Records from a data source

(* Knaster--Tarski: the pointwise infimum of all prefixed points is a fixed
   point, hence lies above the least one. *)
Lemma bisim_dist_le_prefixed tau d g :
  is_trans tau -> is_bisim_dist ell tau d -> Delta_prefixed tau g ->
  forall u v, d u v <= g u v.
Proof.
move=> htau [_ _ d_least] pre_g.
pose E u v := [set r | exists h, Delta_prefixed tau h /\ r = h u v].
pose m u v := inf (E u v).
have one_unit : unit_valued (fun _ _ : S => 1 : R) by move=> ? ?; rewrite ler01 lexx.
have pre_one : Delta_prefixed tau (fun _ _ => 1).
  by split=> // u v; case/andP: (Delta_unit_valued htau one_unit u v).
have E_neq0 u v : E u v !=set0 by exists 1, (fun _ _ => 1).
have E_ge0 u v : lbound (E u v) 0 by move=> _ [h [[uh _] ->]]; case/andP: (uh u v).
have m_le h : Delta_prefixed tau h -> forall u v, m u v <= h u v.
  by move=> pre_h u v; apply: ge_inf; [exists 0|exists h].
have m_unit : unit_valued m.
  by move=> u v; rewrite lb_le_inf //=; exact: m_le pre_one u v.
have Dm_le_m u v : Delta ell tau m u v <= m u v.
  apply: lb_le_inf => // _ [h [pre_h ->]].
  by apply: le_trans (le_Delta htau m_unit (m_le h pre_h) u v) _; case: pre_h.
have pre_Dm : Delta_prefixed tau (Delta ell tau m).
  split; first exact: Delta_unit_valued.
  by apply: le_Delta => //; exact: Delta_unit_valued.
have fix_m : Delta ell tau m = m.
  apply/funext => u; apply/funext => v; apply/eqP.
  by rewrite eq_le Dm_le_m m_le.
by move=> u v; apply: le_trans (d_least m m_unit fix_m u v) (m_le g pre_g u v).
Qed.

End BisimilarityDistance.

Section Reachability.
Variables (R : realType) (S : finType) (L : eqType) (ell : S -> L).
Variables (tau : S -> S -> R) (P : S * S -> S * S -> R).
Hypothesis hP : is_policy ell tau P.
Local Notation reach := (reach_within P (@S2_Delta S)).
* * *
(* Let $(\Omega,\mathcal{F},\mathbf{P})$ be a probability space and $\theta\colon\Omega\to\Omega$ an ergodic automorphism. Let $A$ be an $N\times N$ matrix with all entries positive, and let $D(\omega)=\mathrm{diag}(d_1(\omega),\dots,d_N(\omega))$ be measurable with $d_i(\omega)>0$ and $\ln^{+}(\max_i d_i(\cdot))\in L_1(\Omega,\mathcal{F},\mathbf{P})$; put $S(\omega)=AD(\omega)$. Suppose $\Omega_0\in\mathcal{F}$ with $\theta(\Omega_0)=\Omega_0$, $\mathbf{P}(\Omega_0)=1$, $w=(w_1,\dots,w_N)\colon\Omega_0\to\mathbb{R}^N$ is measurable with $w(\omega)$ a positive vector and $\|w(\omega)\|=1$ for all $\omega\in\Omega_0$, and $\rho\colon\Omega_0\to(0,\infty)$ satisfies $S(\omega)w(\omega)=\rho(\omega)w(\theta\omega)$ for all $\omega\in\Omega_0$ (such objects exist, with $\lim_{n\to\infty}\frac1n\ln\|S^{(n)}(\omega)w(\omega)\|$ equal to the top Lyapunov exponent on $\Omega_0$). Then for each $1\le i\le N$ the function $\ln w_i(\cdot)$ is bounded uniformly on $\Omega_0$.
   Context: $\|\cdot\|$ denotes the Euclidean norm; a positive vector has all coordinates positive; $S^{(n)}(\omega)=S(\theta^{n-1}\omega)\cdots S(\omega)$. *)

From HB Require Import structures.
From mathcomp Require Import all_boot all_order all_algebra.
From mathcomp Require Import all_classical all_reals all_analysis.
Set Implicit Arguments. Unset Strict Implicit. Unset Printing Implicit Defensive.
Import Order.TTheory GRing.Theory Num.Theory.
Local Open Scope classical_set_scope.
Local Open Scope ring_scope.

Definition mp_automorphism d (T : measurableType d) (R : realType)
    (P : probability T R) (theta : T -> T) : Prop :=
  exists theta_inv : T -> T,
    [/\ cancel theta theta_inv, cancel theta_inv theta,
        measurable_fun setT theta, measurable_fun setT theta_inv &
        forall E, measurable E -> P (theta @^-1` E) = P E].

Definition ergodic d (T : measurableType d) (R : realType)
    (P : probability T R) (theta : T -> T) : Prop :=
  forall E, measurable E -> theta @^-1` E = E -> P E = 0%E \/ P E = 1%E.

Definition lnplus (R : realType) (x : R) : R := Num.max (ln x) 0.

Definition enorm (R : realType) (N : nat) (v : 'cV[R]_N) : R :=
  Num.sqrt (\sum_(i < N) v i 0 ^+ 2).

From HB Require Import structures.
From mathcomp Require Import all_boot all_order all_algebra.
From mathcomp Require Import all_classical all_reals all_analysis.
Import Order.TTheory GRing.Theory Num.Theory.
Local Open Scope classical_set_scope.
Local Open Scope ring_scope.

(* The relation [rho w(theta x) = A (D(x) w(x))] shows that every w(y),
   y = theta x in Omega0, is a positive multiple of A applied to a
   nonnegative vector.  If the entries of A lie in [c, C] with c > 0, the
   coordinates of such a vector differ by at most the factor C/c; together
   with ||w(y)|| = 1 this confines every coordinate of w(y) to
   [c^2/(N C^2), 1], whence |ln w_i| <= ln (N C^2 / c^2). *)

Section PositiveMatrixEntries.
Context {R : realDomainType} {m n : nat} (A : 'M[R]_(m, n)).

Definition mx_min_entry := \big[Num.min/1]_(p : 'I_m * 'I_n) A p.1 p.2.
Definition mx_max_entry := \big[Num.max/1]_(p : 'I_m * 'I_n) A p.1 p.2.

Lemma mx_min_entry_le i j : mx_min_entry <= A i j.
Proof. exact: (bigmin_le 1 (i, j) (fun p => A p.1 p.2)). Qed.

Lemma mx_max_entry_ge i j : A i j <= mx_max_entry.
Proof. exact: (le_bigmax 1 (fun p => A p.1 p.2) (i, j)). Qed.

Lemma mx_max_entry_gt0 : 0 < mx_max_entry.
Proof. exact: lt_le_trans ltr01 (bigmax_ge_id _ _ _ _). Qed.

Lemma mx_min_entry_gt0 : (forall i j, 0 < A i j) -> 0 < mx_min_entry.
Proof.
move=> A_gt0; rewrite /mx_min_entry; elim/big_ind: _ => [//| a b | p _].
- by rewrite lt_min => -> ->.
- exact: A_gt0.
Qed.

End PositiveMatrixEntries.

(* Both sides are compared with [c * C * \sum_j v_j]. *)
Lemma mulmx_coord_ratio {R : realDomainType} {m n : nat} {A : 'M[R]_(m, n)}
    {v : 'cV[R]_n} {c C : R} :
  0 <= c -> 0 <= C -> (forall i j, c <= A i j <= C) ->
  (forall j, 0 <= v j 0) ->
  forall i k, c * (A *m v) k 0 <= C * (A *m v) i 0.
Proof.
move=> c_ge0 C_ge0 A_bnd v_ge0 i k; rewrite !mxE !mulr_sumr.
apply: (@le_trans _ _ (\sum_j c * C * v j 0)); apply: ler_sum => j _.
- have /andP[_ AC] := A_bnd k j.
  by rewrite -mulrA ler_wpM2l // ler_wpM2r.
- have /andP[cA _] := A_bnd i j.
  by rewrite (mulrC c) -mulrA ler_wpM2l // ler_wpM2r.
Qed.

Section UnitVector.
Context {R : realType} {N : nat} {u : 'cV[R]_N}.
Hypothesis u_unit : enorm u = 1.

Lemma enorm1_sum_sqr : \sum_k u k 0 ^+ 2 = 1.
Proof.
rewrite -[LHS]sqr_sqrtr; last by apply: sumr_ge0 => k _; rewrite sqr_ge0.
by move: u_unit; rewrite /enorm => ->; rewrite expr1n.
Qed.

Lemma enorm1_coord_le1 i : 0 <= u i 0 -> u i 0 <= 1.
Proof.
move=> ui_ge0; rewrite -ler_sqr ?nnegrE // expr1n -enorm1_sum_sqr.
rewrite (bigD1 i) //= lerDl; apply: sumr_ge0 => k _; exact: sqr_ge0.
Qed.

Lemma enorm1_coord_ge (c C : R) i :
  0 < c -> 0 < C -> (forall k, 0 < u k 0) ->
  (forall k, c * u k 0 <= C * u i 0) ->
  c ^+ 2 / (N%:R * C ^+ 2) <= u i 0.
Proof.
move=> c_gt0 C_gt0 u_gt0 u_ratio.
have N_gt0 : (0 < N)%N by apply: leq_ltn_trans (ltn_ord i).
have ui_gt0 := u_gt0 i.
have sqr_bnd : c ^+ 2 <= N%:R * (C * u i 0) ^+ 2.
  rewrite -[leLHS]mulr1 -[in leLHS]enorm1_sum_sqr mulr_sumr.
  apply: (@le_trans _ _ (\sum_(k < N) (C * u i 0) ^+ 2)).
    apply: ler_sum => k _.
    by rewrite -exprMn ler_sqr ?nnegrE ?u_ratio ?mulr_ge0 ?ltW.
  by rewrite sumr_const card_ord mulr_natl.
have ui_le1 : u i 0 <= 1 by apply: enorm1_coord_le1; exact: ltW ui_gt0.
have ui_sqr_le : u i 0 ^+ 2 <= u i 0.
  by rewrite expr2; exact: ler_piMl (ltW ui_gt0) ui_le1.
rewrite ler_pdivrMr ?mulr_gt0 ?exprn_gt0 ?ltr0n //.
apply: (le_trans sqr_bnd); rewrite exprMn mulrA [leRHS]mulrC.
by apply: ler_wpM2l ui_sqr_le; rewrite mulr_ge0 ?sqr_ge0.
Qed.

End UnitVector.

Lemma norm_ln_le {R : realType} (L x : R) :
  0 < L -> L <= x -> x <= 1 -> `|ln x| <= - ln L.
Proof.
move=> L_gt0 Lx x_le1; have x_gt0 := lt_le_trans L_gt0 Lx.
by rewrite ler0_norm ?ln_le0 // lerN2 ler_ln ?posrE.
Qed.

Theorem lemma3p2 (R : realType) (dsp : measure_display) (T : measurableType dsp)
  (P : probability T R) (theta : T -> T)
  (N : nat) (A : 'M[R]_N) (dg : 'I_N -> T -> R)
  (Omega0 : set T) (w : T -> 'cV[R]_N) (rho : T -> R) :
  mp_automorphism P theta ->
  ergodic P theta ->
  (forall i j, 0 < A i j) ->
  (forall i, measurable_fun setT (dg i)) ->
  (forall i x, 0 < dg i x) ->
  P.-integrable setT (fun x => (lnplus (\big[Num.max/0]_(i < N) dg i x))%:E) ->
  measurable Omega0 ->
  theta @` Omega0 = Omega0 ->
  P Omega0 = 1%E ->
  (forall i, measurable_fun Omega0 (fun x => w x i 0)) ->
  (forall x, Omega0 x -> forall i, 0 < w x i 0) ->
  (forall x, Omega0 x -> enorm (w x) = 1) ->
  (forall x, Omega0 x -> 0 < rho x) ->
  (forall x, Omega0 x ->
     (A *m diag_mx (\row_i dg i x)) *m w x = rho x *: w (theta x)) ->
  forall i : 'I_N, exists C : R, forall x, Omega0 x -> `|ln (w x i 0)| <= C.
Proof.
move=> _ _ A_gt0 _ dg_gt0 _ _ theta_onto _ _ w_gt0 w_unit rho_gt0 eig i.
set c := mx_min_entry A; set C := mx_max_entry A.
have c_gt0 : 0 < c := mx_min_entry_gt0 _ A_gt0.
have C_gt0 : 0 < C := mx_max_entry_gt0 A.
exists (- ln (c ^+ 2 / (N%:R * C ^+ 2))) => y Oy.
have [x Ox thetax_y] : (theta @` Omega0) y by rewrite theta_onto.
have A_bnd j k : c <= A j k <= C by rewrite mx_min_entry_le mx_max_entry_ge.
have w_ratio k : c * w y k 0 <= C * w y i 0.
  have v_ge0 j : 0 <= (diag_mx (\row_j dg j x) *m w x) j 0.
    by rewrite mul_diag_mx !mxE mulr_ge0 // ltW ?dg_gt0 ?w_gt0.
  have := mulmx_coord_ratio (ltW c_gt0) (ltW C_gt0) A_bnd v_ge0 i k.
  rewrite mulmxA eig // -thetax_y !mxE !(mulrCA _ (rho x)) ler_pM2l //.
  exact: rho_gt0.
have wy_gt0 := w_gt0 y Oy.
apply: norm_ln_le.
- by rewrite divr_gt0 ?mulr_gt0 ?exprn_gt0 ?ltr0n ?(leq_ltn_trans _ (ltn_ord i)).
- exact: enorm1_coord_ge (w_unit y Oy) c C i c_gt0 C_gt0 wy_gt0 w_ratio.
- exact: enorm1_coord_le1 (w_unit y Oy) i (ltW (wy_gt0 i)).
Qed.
---
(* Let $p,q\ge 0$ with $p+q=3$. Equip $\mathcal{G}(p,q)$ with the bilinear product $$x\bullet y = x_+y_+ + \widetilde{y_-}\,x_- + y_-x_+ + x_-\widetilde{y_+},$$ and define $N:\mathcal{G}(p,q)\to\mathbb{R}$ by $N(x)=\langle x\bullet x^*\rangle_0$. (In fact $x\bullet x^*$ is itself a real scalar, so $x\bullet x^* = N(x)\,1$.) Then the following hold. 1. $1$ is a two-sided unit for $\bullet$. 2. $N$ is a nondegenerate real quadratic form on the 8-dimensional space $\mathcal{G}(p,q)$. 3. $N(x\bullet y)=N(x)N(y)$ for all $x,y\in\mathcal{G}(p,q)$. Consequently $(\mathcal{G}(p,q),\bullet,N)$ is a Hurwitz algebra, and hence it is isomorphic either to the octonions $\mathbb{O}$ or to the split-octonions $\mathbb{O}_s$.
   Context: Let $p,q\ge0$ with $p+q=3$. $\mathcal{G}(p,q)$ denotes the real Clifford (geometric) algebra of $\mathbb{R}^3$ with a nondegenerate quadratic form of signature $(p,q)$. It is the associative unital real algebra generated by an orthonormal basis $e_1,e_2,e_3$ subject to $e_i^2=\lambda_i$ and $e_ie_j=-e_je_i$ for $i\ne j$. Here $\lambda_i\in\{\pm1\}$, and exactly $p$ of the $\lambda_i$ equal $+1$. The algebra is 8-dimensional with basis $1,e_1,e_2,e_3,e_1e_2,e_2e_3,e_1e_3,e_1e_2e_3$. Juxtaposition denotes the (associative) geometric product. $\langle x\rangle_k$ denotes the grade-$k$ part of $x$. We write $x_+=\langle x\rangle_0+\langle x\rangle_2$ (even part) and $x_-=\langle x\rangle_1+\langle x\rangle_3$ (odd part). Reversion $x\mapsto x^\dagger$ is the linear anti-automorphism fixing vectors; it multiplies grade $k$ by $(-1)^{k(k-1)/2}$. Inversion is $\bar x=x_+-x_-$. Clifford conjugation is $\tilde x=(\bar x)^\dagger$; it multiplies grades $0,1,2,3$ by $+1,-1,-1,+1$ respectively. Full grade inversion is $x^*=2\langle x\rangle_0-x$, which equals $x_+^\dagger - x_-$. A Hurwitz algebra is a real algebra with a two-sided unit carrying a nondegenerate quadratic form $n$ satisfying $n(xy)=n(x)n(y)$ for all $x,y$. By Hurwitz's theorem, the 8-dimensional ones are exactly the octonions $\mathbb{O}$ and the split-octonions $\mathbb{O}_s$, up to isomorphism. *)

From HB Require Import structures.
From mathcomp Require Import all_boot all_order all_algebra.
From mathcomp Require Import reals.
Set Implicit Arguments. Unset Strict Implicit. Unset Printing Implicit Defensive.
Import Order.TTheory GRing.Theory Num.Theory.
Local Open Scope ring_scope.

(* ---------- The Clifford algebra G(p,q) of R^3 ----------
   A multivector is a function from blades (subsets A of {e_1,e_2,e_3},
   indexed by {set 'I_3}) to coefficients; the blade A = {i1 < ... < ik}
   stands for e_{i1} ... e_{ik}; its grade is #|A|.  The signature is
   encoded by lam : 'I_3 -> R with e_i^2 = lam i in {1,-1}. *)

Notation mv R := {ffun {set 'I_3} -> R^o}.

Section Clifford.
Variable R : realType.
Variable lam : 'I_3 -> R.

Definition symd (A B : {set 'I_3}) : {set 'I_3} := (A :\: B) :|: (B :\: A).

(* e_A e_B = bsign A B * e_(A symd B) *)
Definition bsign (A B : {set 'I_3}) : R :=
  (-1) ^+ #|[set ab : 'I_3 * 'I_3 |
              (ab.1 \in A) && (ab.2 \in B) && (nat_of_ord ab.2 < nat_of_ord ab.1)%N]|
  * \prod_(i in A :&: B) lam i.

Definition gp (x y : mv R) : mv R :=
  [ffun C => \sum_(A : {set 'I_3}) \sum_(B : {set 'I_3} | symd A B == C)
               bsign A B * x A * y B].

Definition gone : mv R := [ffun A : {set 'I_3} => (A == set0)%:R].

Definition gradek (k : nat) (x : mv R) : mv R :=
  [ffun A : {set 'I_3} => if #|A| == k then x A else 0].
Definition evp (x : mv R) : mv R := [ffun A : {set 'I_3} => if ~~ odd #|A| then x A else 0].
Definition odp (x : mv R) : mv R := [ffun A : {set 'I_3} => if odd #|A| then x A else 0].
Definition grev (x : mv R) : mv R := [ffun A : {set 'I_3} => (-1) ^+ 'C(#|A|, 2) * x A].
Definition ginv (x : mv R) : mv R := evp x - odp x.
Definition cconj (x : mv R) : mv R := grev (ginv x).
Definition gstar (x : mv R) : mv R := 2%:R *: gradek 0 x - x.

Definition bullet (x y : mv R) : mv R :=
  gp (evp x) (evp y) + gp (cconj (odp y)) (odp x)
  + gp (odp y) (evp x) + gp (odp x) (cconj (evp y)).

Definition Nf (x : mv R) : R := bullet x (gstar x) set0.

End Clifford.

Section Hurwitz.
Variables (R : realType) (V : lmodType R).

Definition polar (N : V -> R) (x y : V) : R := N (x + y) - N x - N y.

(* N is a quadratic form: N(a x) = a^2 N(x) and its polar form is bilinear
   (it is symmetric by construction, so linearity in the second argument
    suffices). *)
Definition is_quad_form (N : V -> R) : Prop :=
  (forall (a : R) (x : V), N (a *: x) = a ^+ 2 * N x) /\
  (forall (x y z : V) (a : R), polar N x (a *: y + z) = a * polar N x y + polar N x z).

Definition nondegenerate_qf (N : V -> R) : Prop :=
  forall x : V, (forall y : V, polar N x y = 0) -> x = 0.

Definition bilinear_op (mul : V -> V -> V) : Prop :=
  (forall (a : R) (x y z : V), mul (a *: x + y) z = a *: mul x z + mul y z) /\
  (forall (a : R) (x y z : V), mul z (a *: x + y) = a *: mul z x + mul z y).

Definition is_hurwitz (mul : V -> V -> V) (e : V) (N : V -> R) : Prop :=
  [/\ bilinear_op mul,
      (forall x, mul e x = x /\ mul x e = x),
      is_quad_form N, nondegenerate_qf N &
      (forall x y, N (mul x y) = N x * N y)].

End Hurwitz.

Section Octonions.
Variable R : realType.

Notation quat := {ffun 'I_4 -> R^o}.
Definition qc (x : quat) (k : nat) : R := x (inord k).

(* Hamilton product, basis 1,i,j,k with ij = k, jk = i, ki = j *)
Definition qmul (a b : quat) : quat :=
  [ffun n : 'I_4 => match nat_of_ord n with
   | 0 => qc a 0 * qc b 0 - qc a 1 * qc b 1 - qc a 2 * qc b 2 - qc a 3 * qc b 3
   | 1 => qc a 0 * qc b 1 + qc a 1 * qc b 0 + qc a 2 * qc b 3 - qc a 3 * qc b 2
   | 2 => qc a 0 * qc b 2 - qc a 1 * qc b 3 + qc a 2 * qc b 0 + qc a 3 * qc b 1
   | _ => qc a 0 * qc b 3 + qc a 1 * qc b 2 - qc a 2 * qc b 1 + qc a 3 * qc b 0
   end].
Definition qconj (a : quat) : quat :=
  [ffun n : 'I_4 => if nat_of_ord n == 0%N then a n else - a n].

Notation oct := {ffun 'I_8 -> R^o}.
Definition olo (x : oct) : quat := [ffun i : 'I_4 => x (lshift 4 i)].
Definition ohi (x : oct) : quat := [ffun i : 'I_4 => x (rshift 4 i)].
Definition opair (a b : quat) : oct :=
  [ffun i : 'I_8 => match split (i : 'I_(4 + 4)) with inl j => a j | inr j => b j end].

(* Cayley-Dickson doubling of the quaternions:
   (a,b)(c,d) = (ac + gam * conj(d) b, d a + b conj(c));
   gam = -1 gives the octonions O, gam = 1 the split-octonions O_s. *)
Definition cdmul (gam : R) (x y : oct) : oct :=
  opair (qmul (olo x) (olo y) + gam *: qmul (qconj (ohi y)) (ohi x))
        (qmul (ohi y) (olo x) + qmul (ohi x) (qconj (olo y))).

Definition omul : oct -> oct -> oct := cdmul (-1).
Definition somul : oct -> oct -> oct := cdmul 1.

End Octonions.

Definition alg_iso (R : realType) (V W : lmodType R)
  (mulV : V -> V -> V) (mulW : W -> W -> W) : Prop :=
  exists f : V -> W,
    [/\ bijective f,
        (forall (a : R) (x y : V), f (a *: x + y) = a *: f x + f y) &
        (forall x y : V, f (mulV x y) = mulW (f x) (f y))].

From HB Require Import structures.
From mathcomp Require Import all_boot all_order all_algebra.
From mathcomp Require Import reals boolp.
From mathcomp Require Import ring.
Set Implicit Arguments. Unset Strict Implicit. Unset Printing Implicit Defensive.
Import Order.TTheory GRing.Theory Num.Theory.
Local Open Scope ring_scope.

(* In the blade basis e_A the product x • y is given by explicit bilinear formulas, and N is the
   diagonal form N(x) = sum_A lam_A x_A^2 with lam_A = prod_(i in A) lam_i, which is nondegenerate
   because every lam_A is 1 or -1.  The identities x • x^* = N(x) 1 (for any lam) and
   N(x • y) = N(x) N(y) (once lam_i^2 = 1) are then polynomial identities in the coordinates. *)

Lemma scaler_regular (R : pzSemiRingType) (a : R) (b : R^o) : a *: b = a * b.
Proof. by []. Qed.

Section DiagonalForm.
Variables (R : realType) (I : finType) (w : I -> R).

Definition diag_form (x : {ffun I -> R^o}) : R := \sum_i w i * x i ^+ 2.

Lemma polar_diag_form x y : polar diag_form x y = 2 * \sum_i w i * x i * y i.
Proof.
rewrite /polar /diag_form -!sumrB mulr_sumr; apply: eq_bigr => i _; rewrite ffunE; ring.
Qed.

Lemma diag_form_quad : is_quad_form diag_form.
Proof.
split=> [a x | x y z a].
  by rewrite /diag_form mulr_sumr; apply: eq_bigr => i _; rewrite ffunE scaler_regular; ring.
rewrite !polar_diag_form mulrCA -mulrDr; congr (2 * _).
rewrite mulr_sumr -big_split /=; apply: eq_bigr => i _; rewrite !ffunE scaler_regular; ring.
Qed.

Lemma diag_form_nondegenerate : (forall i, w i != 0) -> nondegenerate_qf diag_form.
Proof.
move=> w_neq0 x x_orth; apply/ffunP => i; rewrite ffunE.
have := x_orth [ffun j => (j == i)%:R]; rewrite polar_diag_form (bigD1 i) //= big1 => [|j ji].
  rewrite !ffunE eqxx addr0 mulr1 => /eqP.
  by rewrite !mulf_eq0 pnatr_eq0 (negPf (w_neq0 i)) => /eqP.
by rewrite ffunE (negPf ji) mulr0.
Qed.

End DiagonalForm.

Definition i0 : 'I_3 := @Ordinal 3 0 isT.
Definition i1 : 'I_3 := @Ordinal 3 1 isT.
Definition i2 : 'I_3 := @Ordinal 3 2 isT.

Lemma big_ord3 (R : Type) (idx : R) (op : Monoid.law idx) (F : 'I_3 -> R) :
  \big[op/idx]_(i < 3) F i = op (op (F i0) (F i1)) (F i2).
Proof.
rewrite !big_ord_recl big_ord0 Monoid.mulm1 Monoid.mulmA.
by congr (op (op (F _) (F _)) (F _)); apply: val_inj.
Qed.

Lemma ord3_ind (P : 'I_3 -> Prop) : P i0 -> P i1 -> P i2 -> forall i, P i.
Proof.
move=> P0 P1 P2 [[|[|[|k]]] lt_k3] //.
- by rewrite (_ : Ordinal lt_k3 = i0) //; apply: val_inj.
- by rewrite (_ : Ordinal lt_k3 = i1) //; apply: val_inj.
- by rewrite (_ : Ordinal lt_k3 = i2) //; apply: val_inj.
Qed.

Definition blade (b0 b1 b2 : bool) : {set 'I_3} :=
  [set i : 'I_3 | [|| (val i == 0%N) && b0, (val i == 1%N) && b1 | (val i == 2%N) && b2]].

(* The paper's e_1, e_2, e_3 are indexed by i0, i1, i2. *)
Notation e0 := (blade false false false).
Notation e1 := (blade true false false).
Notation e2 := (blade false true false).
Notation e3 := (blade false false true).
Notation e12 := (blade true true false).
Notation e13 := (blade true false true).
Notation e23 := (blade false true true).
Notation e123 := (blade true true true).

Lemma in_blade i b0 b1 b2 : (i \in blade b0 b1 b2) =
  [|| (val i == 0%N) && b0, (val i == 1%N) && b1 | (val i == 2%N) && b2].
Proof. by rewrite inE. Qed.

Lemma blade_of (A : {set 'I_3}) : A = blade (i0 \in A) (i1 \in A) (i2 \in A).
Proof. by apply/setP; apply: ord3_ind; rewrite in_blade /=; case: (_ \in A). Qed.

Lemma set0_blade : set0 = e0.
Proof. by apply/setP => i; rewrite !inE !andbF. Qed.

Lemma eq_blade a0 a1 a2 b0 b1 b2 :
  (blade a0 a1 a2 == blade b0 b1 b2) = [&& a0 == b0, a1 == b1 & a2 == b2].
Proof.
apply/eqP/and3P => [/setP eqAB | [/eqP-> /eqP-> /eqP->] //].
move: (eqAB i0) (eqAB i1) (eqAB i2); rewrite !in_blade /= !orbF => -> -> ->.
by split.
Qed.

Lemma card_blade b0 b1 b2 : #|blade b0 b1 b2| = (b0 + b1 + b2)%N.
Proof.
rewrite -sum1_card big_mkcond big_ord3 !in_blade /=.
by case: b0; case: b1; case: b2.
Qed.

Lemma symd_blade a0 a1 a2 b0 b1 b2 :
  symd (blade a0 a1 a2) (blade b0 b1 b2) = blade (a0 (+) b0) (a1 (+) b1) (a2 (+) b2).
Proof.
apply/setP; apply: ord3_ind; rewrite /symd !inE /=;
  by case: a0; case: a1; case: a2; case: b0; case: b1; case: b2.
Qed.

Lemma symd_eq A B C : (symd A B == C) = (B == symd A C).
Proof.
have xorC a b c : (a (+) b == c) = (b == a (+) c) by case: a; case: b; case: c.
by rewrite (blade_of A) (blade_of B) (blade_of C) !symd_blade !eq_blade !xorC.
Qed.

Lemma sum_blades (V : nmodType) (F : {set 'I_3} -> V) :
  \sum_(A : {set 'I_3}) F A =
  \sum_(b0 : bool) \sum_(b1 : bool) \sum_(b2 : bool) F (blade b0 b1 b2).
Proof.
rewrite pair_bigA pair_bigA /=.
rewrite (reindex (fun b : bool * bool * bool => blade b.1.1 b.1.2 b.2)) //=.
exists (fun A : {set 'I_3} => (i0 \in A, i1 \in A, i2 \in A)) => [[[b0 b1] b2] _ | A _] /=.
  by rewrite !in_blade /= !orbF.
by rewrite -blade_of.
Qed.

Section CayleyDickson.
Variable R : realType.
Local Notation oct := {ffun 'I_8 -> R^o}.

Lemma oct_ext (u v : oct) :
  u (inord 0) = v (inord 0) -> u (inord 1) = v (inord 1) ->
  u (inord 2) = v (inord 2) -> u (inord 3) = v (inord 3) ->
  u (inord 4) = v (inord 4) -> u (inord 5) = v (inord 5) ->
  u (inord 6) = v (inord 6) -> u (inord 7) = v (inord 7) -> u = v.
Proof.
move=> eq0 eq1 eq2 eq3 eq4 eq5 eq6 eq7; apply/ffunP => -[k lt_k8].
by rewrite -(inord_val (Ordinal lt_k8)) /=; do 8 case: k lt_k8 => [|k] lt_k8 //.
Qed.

▸ **Required work**
Check each line of the entries above for the word "Monoid". List the ones that have it.

▸ **Response to the exercise**
Lemma big_ord3 (R : Type) (idx : R) (op : Monoid.law idx) (F : 'I_3 -> R) :
rewrite !big_ord_recl big_ord0 Monoid.mulm1 Monoid.mulmA.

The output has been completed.